Pembabatan hutan ini dirasakan dampaknya karena banjir yang terjadi setiap tahunnya di Batavia.

Menanggapi hal tersebut, pemerintah menerbitkan peraturan terkait larangan perusakan hutan dan penebangan pohon di distrik Jaccarta pada Juni 1696.

Meskipun telah diterbitkan peraturan tersebut, penebangan hutan secara liar tetap terjadi. Sementara itu VOC kesulitan mengendalikannya karea keterbatasan sumber daya.

Baca juga: Mengapa Pemerintah Kolonial Belanda Menerapkan Politik Etis?

Era Tanam Paksa

Sejak penerapan sistem tanam paksa pada 1830, bahaya deforestasi menjadi ancaman serius pemerintah kolonial Belanda saat itu.

Bahkan saat itu keberadaan hutan kian terancam. Hal itu membuat sejumlah ilmuwan menyuarakan protesnya terkait bahaya deforestasi.

Meski begitu, pemerintah Belanda terkesan abai. Penebangan hutan tetap terjadi hingga tak terkendali yang menjadikan hutan di Jawa memasuki masa yang suram.

Sadar akan hal tersebut, Direktur Perkebunan Hindia Belanda menyurati Gubernur Jenderal Jan Jacob Rochussen pada 1846.

Menaggapi surat tersebut, pemerintah kolonial Belanda mendatangkan ahli kehutanan yang dipimpin J Mollier untuk mengelola hutan di Jawa.

Perumahan warga Tionghoa di bantaran Sungai Ciliwung menjadi motif kartu pos di tahun 1920.Universiteit Leiden Perumahan warga Tionghoa di bantaran Sungai Ciliwung menjadi motif kartu pos di tahun 1920.

Hasilnya, Jawatan Kehutanan dihidupkan dan pemerintah Belanda mengeluarkan UU Kehutanan Jawa Madura.

UU itu mengatur pengelolaan hutan, mulai dari pembagian kawasan, pengelolaan, larangan, dan hukuman.

Selain itu, UU tersebut juga mengakui bahwa hutan berpengaruh pada iklim, perlindungan aliran sungai hingga kesejahteraan sosial.

Baca juga: Sistem Tanam Paksa: Latar Belakang, Aturan, Kritik, dan Dampak

Era Jepang

Ketika Jepang menduduki Indonesia, mereka memobilisasi rakyat untuk membuka hutan.

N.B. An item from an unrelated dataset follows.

Theorem proposition10 :
  [/\ card_Cat2 1 = 1%N, card_Cat2 2 = 4%N, card_Cat2 3 = 58%N & card_Cat2 4 = 4822%N].
Proof. by rewrite !card_Cat2_nkeys; split; vm_compute. Qed.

Tujuannya untuk pertanian serta memasok kayu dan arang sebagai kebutuhan bahan bakar dan industri.

Proyek terbesar saat pemerintah Jepang mendatangkan petani yang tak memiliki tanah di pesisir Jawa. Mereka didatangkan untuk membabat hutan dan membuka desa baru seluas 1.500 hektar yang dinamakan Yamada.

Akibat pembabatan hutan besar-besaran itu sistem ekologi terganggu dan sering menyebabkan banjir. Selain itu, kesejahteraan masyarakat lokal terabaikan karena penebangan hutan itu difokuskan untuk mendukung Angkatan Laut Jepang.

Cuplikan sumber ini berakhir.